The Open Innovation Group is chartered to source partnerships and strategic investments with enterprise startups for Samsung SDS. Our approach to partnerships has very much been driven by internal needs. We tease out pain points and roadmaps from our business units. Then we play matchmaker. We survey the landscape, form and convey our opinion of potential partners, and conduct bakeoffs of different vendor solutions.
Strategic investments on the other hand require a longer-term outlook. We look at a specific area for strategic fit, and cross-reference it against the attractiveness of the segment as an investment. We develop an investment thesis.
Why Enterprise SaaS as an area of interest?
As the IT solutions and services arm of Samsung, one of the main pillars of our business model has been to provide system integration and datacenter infrastructure for enterprise software.

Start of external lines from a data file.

(* Let $(V,Y,\mathbf{1})$ be a vertex operator algebra, $W$ a vector space and $Y_W:V\otimes W\to W((x))$ a linear map, written $u\otimes w\mapsto Y_W(u,x)w=\sum_{n\in\mathbb{Z}}u_nw\,x^{-n-1}$ (so $u_n=\mathrm{Res}_x x^nY_W(u,x)$). Let $u,v\in V$, $w\in W$ and $k,l\in\mathbb{Z}$ such that $v_nw=0$ for all $n\ge k$ and $u_nw=0$ for all $n\ge l$. Assume: (i) for all $p,q\in\mathbb{Z}$ with $q<k$, $$\mathrm{Res}_{x_0}\mathrm{Res}_{x_2}(x_0+x_2)^px_2^qY_W(u,x_0+x_2)Y_W(v,x_2)w=\mathrm{Res}_{x_0}\mathrm{Res}_{x_2}\,P_{p,q}(x_0,x_2)\,x_2^q(x_0+x_2)^lY_W(Y(u,x_0)v,x_2)w,$$ where $P_{p,q}(x_0,x_2)=\sum_{i=0}^{k-q-1}\binom{p-l}{i}x_0^{p-l-i}x_2^i$ (equivalently, $u_pv_qw=\sum_{i=0}^{k-q-1}\sum_{j=0}^{l}\binom{p-l}{i}\binom{l}{j}(u_{p-l-i+j}v)_{q+l+i-j}w$); (ii) for all $p,q\in\mathbb{Z}$ and all integers $i\ge k-q$, $$\mathrm{Res}_{x_0}\mathrm{Res}_{x_2}\,x_0^{p-l-i}x_2^{q+i}(x_0+x_2)^{l}\,Y_W(Y(u,x_0)v,x_2)w=0.$$ Then $$(x_0+x_2)^lY_W(u,x_0+x_2)Y_W(v,x_2)w=(x_0+x_2)^lY_W(Y(u,x_0)v,x_2)w.$$
   Context: $Y(u,x)=\sum_n u_nx^{-n-1}$ denotes the vertex operator of $V$. Expressions $(x_0+x_2)^n$ (for any $n\in\mathbb{Z}$) and $Y_W(u,x_0+x_2)=\sum_n u_n(x_0+x_2)^{-n-1}$ are expanded in nonnegative powers of $x_2$. *)

From HB Require Import structures.
From mathcomp Require Import all_boot all_order all_algebra.
From Stdlib Require Import ClassicalEpsilon.
Set Implicit Arguments. Unset Strict Implicit. Unset Printing Implicit Defensive.
Import Order.TTheory GRing.Theory Num.Theory.
Local Open Scope ring_scope.

(* Generalized binomial coefficient binom(m, i) for m : int, i : nat.
   binom(n, i) = 'C(n, i) for n >= 0;
   binom(-(n+1), i) = (-1)^i 'C(n+i, i). *)
Definition binz (m : int) (i : nat) : int :=
  match m with
  | Posz n => ('C(n, i))%:Z
  | Negz n => (-1) ^+ i * ('C(n + i, i))%:Z
  end.

(* Sum of a finitely supported family f : nat -> W (f j = 0 for j >= N);
   0 by convention if f is not finitely supported. The value does not
   depend on the chosen bound N. *)
Definition fsum (W : zmodType) (f : nat -> W) : W :=
  let P := fun N : nat => forall j, (N <= j)%N -> f j = 0 in
  if excluded_middle_informative (exists N, P N)
  then \sum_(j < epsilon (inhabits 0%N) P) f j
  else 0.

(* Formal series in x0, x2 with coefficients in W:
   F a b = coefficient of x0^a x2^b. *)
Definition series (W : Type) := int -> int -> W.

Definition mulmono (W : Type) (a b : int) (F : series W) : series W :=
  fun A B => F (A - a) (B - b).

(* Multiplication by (x0+x2)^m = sum_{i>=0} binom(m,i) x0^(m-i) x2^i
   (expanded in nonnegative powers of x2). *)
Definition mulpow (W : zmodType) (m : int) (F : series W) : series W :=
  fun A B => fsum (fun i : nat => F (A - m + i%:Z) (B - i%:Z) *~ binz m i).

Definition Res2 (W : Type) (F : series W) : W := F (-1) (-1).

Definition mulP (W : zmodType) (k l p q : int) (F : series W) : series W :=
  fun A B => \sum_(i < `|k - q|%N | (i%:Z < k - q)%R)
               mulmono (p - l - i%:Z) i%:Z F A B *~ binz (p - l) i.

Section Ops.
Variables (V W : Type) (zW : zmodType).

(* Y_W(u, x0+x2) Y_W(v, x2) w, where
   Y_W(u,x0+x2) = sum_n u_n (x0+x2)^{-n-1}
               = sum_n sum_{j>=0} binom(-n-1,j) u_n x0^{-n-1-j} x2^j. *)
Definition YW_shift_comp (YW : V -> zW -> int -> zW) (u v : V) (w : zW)
  : series zW :=
  fun a b => fsum (fun j : nat =>
     YW u (YW v w (j%:Z - 1 - b)) (-1 - a - j%:Z) *~ binz (a + j%:Z) j).

(* Y_W(Y(u,x0)v, x2) w : coefficient of x0^a x2^b is (u_{-a-1} v)_{-b-1} w. *)
Definition YW_iter (Y : V -> V -> int -> V) (YW : V -> zW -> int -> zW)
  (u v : V) (w : zW) : series zW :=
  fun a b => YW (Y u v (- a - 1)) w (- b - 1).
End Ops.

(* Vertex operator algebra (V, Y, 1) over a field K of characteristic 0 with
   conformal vector omega and central charge c, in components:
   Y u v n = u_n v, i.e. Y(u,x)v = sum_n u_n v x^{-n-1}. *)
Definition VirL (K : fieldType) (V : lmodType K) (Y : V -> V -> int -> V)
  (omega : V) (n : int) (v : V) : V := Y omega v (n + 1).

Definition is_VOA (K : fieldType) (V : lmodType K) (Y : V -> V -> int -> V)
  (vac omega : V) (c : K) : Prop :=
  let L := VirL Y omega in
  [/\
      (forall (a : K) u1 u2 v n, Y (a *: u1 + u2) v n = a *: Y u1 v n + Y u2 v n),
      (forall (a : K) u v1 v2 n, Y u (a *: v1 + v2) n = a *: Y u v1 n + Y u v2 n),
      (forall u v, exists N : int, forall n, N <= n -> Y u v n = 0),
      (forall v n, Y vac v n = if n == -1 then v else 0)
      & ((forall u n, 0 <= n -> Y u vac n = 0) /\ (forall u, Y u vac (-1) = u))] /\
   [/\ (* Jacobi identity, in Borcherds component form *)
      (forall u v w (p q r : int),
         fsum (fun i : nat => Y (Y u v (r + i%:Z)) w (p + q - i%:Z) *~ binz p i)
         = fsum (fun i : nat =>
             (Y u (Y v w (q + i%:Z)) (p + r - i%:Z)
              - Y v (Y u w (p + i%:Z)) (q + r - i%:Z) *~ ((-1) ^+ `|r|%N))
             *~ ((-1) ^+ i * binz r i))),
      (forall (m n : int) v,
         L m (L n v) - L n (L m v)
         = L (m + n) v *~ (m - n)
           + (if m + n == 0 then ((m ^+ 3 - m)%:~R / 12%:R * c) *: v else 0)),
      (* L(-1)-derivative property: Y(L(-1)u,x) = d/dx Y(u,x) *)
      (forall u v n, Y (L (-1) u) v n = Y u v (n - 1) *~ (- n))
      & L 0 omega = 2%:R *: omega] /\
   [/\ (* V = direct sum of L(0)-eigenspaces V_(n), n in Z *)
      (forall v, exists s : seq (int * V),
          v = \sum_(x <- s) x.2 /\ (forall x, x \in s -> L 0 x.2 = x.1%:~R *: x.2)),
      (forall n : int, exists s : seq V, forall v, L 0 v = n%:~R *: v ->
          exists a : nat -> K, v = \sum_(i < size s) a i *: s`_i) &
      (exists N : int, forall (n : int) v, n < N -> L 0 v = n%:~R *: v -> v = 0)].

(* A linear map Y_W : V (x) W -> W((x)), in components YW u w n = u_n w. *)
Definition is_vertex_map (K : fieldType) (V W : lmodType K)
  (YW : V -> W -> int -> W) : Prop :=
  [/\ (forall (a : K) u1 u2 w n, YW (a *: u1 + u2) w n = a *: YW u1 w n + YW u2 w n),
      (forall (a : K) u w1 w2 n, YW u (a *: w1 + w2) n = a *: YW u w1 n + YW u w2 n) &
      (forall u w, exists N : int, forall n, N <= n -> YW u w n = 0)].

From HB Require Import structures.
From mathcomp Require Import all_boot all_order all_algebra.
From mathcomp Require Import ring zify.
From Stdlib Require Import ClassicalEpsilon FunctionalExtensionality.
Set Implicit Arguments. Unset Strict Implicit. Unset Printing Implicit Defensive.
Import Order.TTheory GRing.Theory Num.Theory.
Local Open Scope ring_scope.

(* Let H be the difference of the two sides.  Both series vanish in
   x2-degree below -k: the left one because v_n w = 0 for n >= k, the right
   one by (ii) with i = 0.  For such series (x0+x2)^p = (x0+x2)^(p-l) (x0+x2)^l,
   and against x2^q P_{p,q} is an exact truncation of (x0+x2)^(p-l), so (i)
   says Res x2^q (x0+x2)^m H = 0 for all m and all q < k.  In the x2-degree
   these residues form a unitriangular system, hence H = 0.  Only the
   truncation of Y_W(v,x)w and the additivity of Y_W in w are used. *)

Lemma binz0 m : binz m 0 = 1.
Proof. by case: m => n //=; rewrite bin0 ?addn0 ?bin0 ?expr0 ?mul1r. Qed.

Lemma binzS m i : binz (m + 1) i.+1 = binz m i.+1 + binz m i.
Proof.
case: m => [n|[|n]].
- by rewrite /= -PoszD addn1 /= binS PoszD.
- by rewrite /= subnn bin0n !add0n !binn !mulr1 exprS mulN1r addNr.
have -> : Negz n.+1 + 1 = Negz n by rewrite !NegzE; ring.
have CS : 'C((n + i.+1).+1, i.+1) = ('C(n + i, i.+1) + 'C(n + i, i) + 'C(n.+1 + i, i))%N.
  by rewrite binS !addnS binS addSn.
by rewrite /= addnS addSn binS exprS CS !PoszD; ring.
Qed.

Definition binz_conv (m l : int) (s : nat) : int :=
  \sum_(i < s.+1) binz m i * binz l (s - i).

Lemma binz_convS m l s :
  binz_conv m (l + 1) s.+1 = binz_conv m l s.+1 + binz_conv m l s.
Proof.
rewrite /binz_conv big_ord_recr /= subnn binz0.
rewrite [in RHS]big_ord_recr /= subnn binz0 addrAC -big_split /=; congr (_ + _).
apply: eq_bigr => i _.
have le_is : (i <= s)%N by rewrite -ltnS.
by rewrite subSn // binzS mulrDr.
Qed.

Lemma binz_vandermonde m l s : binz_conv m l s = binz (m + l) s.
Proof.
elim/int_rect: l s => [|n IH|n IH] s.
- rewrite addr0 /binz_conv big_ord_recr /= subnn bin0 mulr1 big1 ?add0r // => i _.
  by rewrite bin0n subn_eq0 leqNgt ltn_ord mulr0.
- have -> : Posz n.+1 = Posz n + 1 by rewrite -addn1 PoszD.
  elim: s => [|s _]; first by rewrite /binz_conv big_ord1 !binz0.
  by rewrite binz_convS !IH addrA binzS.
- elim: s => [|s IHs]; first by rewrite /binz_conv big_ord1 !binz0.
  have e : - Posz n.+1 + 1 = - Posz n by rewrite -addn1 PoszD; ring.
  have := binz_convS m (- Posz n.+1) s; rewrite e IH IHs.
  have -> : m - Posz n = (m - Posz n.+1) + 1 by rewrite -e addrA.
  by rewrite binzS => /addIr.
Qed.

Section FiniteSums.
Variable W : zmodType.

Lemma big_ord_trunc (g : nat -> W) N N' : (N <= N')%N ->
  (forall j, (N <= j)%N -> g j = 0) -> \sum_(j < N') g j = \sum_(j < N) g j.
Proof.
move=> le_NN' g0; rewrite (big_ord_widen N' g le_NN') [RHS]big_mkcond /=.
by apply: eq_bigr => i _; case: ifP => // /negbT; rewrite -leqNgt => /g0.
Qed.

Lemma fsumE (f : nat -> W) N :
  (forall j, (N <= j)%N -> f j = 0) -> fsum f = \sum_(j < N) f j.
Proof.
move=> f0; rewrite /fsum; case: excluded_middle_informative => [ex|]; last first.
  by case; exists N.
set M := epsilon _ _.
have fM0 : forall j, (M <= j)%N -> f j = 0 by apply: (epsilon_spec _ _ ex).
rewrite -(big_ord_trunc (N' := maxn M N) (leq_maxl M N) fM0).
by rewrite (big_ord_trunc (leq_maxr M N) f0).
Qed.

Lemma big_cauchy (f : nat -> W) (c d : nat -> int) N :
  \sum_(i < N) \sum_(j < N - i) f (i + j)%N *~ (c i * d j)
  = \sum_(s < N) f s *~ (\sum_(i < s.+1) c i * d (s - i)%N).
Proof.
elim: N => [|N IH]; first by rewrite !big_ord0.
rewrite big_ord_recr /= subSnn big_ord1 addn0.
rewrite [RHS]big_ord_recr /= -IH mulrz_sumr big_ord_recr /= subnn addrA.
congr (_ + _); rewrite -big_split /=; apply: eq_bigr => i _.
by rewrite subSn 1?ltnW // big_ord_recr /= subnKC 1?ltnW.
Qed.

Lemma big_binz_cauchy (f : nat -> W) (m l : int) n :
  (forall t, (n <= t)%N -> f t = 0) ->
  \sum_(i < n) (\sum_(j < n) f (i + j)%N *~ binz l j) *~ binz m i
  = \sum_(s < n) f s *~ binz (m + l) s.
Proof.
move=> f0.
under [RHS]eq_bigr => s _ do rewrite -binz_vandermonde /binz_conv.
rewrite -big_cauchy; apply: eq_bigr => i _.
pose g j := f (i + j)%N *~ binz l j *~ binz m i.
rewrite mulrz_suml -/(\sum_(j < n) g j).
rewrite (big_ord_trunc (g := g) (N := n - i)) ?leq_subr //.
  by apply: eq_bigr => j _; rewrite /g -mulrzA mulrC.
by move=> j; rewrite leq_subLR /g => /f0 ->; rewrite !mul0rz.
Qed.

End FiniteSums.

Section Series.
Variable W : zmodType.
Implicit Types (F : series W) (N : int).

Definition vanish_below N F := forall a b, b < N -> F a b = 0.

Lemma mulmono_vanish a q N F :
  vanish_below N F -> vanish_below (N + q) (mulmono a q F).
Proof. by move=> F0 A B lt_B; apply: F0; lia. Qed.

Lemma mulpowE m N F A B (n : nat) : vanish_below N F -> B - n%:Z < N ->
  mulpow m F A B = \sum_(i < n) F (A - m + i%:Z) (B - i%:Z) *~ binz m i.
Proof. by move=> F0 lt_n; apply: fsumE => i le_ni; rewrite F0 ?mul0rz //; lia. Qed.

Lemma mulpow_vanish m N F : vanish_below N F -> vanish_below N (mulpow m F).
Proof. by move=> F0 A B lt_B; rewrite (mulpowE _ _ F0 (n := 0)) ?big_ord0 //; lia. Qed.

Lemma mulpow_mulmono m a q F :
  mulpow m (mulmono a q F) = mulmono a q (mulpow m F).
Proof.
apply: functional_extensionality => A; apply: functional_extensionality => B.
rewrite /mulpow /mulmono; congr fsum; apply: functional_extensionality => i.
by congr (F _ _ *~ _); ring.
Qed.

Lemma mulpowD m l N F :
  vanish_below N F -> mulpow m (mulpow l F) = mulpow (m + l) F.
Proof.
move=> F0; apply: functional_extensionality => A; apply: functional_extensionality => B.
have lt_n : B - `|B - N|.+1%:Z < N by lia.
rewrite (mulpowE _ _ (mulpow_vanish l F0) lt_n) (mulpowE _ _ F0 lt_n).
rewrite -(big_binz_cauchy (f := fun s => F (A - (m + l) + s%:Z) (B - s%:Z))); last first.
  by move=> t le_nt; rewrite F0 //; lia.
apply: eq_big => // i _; congr (_ *~ _).
rewrite (mulpowE _ _ F0 (n := `|B - N|.+1)); last by lia.
by apply: eq_big => // j _; congr (F _ _ *~ _); rewrite PoszD; ring.
Qed.

Lemma mulP_mulpow k l p q N F A B : vanish_below N F -> B - (k - q) < N ->
  mulP k l p q F A B = mulpow (p - l) F A B.
Proof.
move=> F0 lt_B; rewrite /mulP (mulpowE _ _ F0 (n := `|k - q|)); last by lia.
rewrite big_mkcond /=; apply: eq_bigr => i _; rewrite /mulmono.
case: ifP => [_|/negbT]; first by congr (F _ _ *~ _); ring.
by rewrite -leNgt => le_i; rewrite F0 ?mul0rz //; lia.
Qed.

Lemma eq_series_Res2 N F1 F2 : vanish_below N F1 -> vanish_below N F2 ->
  (forall m q, q < - N ->
     Res2 (mulpow m (mulmono 0 q F1)) = Res2 (mulpow m (mulmono 0 q F2))) ->
  F1 = F2.
Proof.
(* the residue for q = -1 - N - n involves the degrees N .. N + n only, and
   degree N + n with coefficient binz m 0 = 1 *)
move=> F10 F20 eq_Res.
have Res_diff m (n : nat) :
    \sum_(i < n.+1) (F1 (-1 - m + i%:Z) (N + n%:Z - i%:Z)
                     - F2 (-1 - m + i%:Z) (N + n%:Z - i%:Z)) *~ binz m i = 0.
  have := eq_Res m (-1 - N - n%:Z) ltac:(lia); rewrite /Res2.
  rewrite (mulpowE _ _ (mulmono_vanish 0 F10) (n := n.+1)); last by lia.
  rewrite (mulpowE _ _ (mulmono_vanish 0 F20) (n := n.+1)); last by lia.
  move/eqP; rewrite -subr_eq0 -sumrB => /eqP eq_sums; rewrite -[RHS]eq_sums.
  apply: eq_big => // i _; rewrite /mulmono mulrzBl.
  by congr (F1 _ _ *~ _ - F2 _ _ *~ _); ring.
have eq_from_N n A : F1 A (N + n%:Z) = F2 A (N + n%:Z).
  elim/ltn_ind: n A => n IH A; apply: subr0_eq.
  have := Res_diff (-1 - A) n; rewrite big_ord_recl big1 ?addr0.
    have -> : -1 - (-1 - A) = A by ring.
    by rewrite binz0 mulr1z; apply.
  move=> i _; rewrite /bump /=.
  have -> : N + n%:Z - (1 + i)%:Z = N + (n - (1 + i))%:Z by have := ltn_ord i; lia.
  by rewrite IH ?subrr ?mul0rz //; have := ltn_ord i; lia.
apply: functional_extensionality => A; apply: functional_extensionality => B.
have [lt_B|le_B] := ltP B N; first by rewrite F10 ?F20.
have -> : B = N + `|B - N|%:Z by lia.
exact: eq_from_N.
Qed.

End Series.

Theorem theorem3p1 (K : fieldType) (hK : [pchar K] =i pred0)
  (V : lmodType K) (Y : V -> V -> int -> V) (vac omega : V) (c : K)
  (hV : is_VOA Y vac omega c)
  (W : lmodType K) (YW : V -> W -> int -> W) (hW : is_vertex_map YW)
  (u v : V) (w : W) (k l : int)
  (hv : forall n : int, k <= n -> YW v w n = 0)
  (hu : forall n : int, l <= n -> YW u w n = 0)
  (hi : forall p q : int, q < k ->
     Res2 (mulpow p (mulmono 0 q (YW_shift_comp YW u v w)))
     = Res2 (mulP k l p q (mulmono 0 q (mulpow l (YW_iter Y YW u v w)))))
  (hii : forall (p q i : int), k - q <= i ->
     Res2 (mulmono (p - l - i) (q + i) (mulpow l (YW_iter Y YW u v w))) = 0) :
  mulpow l (YW_shift_comp YW u v w) = mulpow l (YW_iter Y YW u v w).
Proof.
have YW_0 x n : YW x 0 n = 0.
  case: hW => _ YW_linear _; have := YW_linear 1 x 0 0 n.
  rewrite !scale1r addr0 => YW_0_double.
  by apply: (addIr (YW x 0 n)); rewrite add0r -YW_0_double.
set F := YW_shift_comp YW u v w; set G := mulpow l (YW_iter Y YW u v w).
have F0 : vanish_below (- k) F.
  move=> a b lt_b; rewrite /F /YW_shift_comp (fsumE (N := 0)) ?big_ord0 // => j _.
  by rewrite hv ?YW_0 ?mul0rz //; lia.
have G0 : vanish_below (- k) G.
  move=> A B lt_B; have := hii (l - 1 - A) (-1 - B) 0 ltac:(lia).
  rewrite /Res2 /mulmono.
  have -> : -1 - (l - 1 - A - l - 0) = A by ring.
  by have -> : -1 - (-1 - B + 0) = B by ring.
apply: (eq_series_Res2 (mulpow_vanish l F0) G0) => m q lt_q.
rewrite -mulpow_mulmono (mulpowD _ _ (mulmono_vanish 0 F0)) hi; last by lia.
by rewrite /Res2 (mulP_mulpow _ _ _ (mulmono_vanish 0 G0)) ?addrK //; lia.
Qed.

But as the enterprise shifts from on-premise applications to SaaS apps, the role of SDS has to change.
SaaS apps usually require little help from a traditional System Integrator (SI). They’re either self-service, or support is provided directly by the vendor. They’re designed to have fast time-to-value with the army of “customer success” managers provided by the SaaS vendor to onboard enterprise users. They’re engineered to have pre-built API integrations with other SaaS apps. They run on a public cloud and not a data center. They’re created to sell directly and not through a channel.
The channel sales and service opportunity for SaaS is not as strong as a traditional on-premise solution.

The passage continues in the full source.